Theorem corollary2 (X : Type) (d : X -> X -> R)
  (Hmet : is_metric d) (Hcomp : complete_metric d)
  (N : nat) (HN : (N <> 0)%nat)
  (alpha : (X * X) -> (X * X) -> R)
  (Halpha0 : forall p q, 0 <= alpha p q)
  (Htrans : N_transitive N alpha)
  (F : X -> X -> X)
  (Hcontr : forall eps, 0 < eps -> exists delta, 0 < delta /\
     forall x y u v,
       eps <= (d x u + d y v) / 2 < eps + delta ->
       alpha (x, y) (u, v) * d (F x y) (F u v) < eps)
  (HB1 : forall x y u v, 1 <= alpha (x, y) (u, v) ->
       1 <= alpha (F x y, F y x) (F u v, F v u))
  (HB2 : exists x0 y0,
       1 <= alpha (x0, y0) (F x0 y0, F y0 x0) /\
       1 <= alpha (F y0 x0, F x0 y0) (y0, x0))
  (HB4 : forall (xs ys : nat -> X) (x y : X),
       converges_to d xs x -> converges_to d ys y ->
       (forall n, 1 <= alpha (xs n, ys n) (xs (S n), ys (S n)) /\
                  1 <= alpha (ys (S n), xs (S n)) (ys n, xs n)) ->
       exists phi : nat -> nat, strictly_increasing phi /\
         forall k, 1 <= alpha (xs (phi k), ys (phi k)) (x, y) /\
                   1 <= alpha (y, x) (ys (phi k), xs (phi k))) :
  exists xs ys : X, xs = F xs ys /\ ys = F ys xs.
Proof.
  destruct HB2 as [x0 [y0 Hz0]].
  destruct (meir_keeler_rel_fixed_point (X * X) (pair_dist d) (coupled_map F)
              (coupled_rel alpha) (pair_dist_metric X d Hmet)
              (coupled_map_meir_keeler d alpha F Hmet Hcontr)
              (coupled_map_preserves_rel alpha F HB1) (x0, y0) Hz0 N HN
              (coupled_rel_N_transitive alpha N Htrans)
              (coupled_rel_regular d alpha Hmet HB4)
              (pair_dist_complete X d Hmet Hcomp)) as [[x y] Hfix].
  injection Hfix as Hx Hy.
  exists x, y. split; symmetry; assumption.
Qed.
========
Work to complete: Include both ends. Return the line holding "(coupled_map_preserves_rel alpha F" and all lines after it in the records above, exactly as written.

Reply to the task:
              (coupled_map_preserves_rel alpha F HB1) (x0, y0) Hz0 N HN
              (coupled_rel_N_transitive alpha N Htrans)
              (coupled_rel_regular d alpha Hmet HB4)
              (pair_dist_complete X d Hmet Hcomp)) as [[x y] Hfix].
  injection Hfix as Hx Hy.
  exists x, y. split; symmetry; assumption.
Qed.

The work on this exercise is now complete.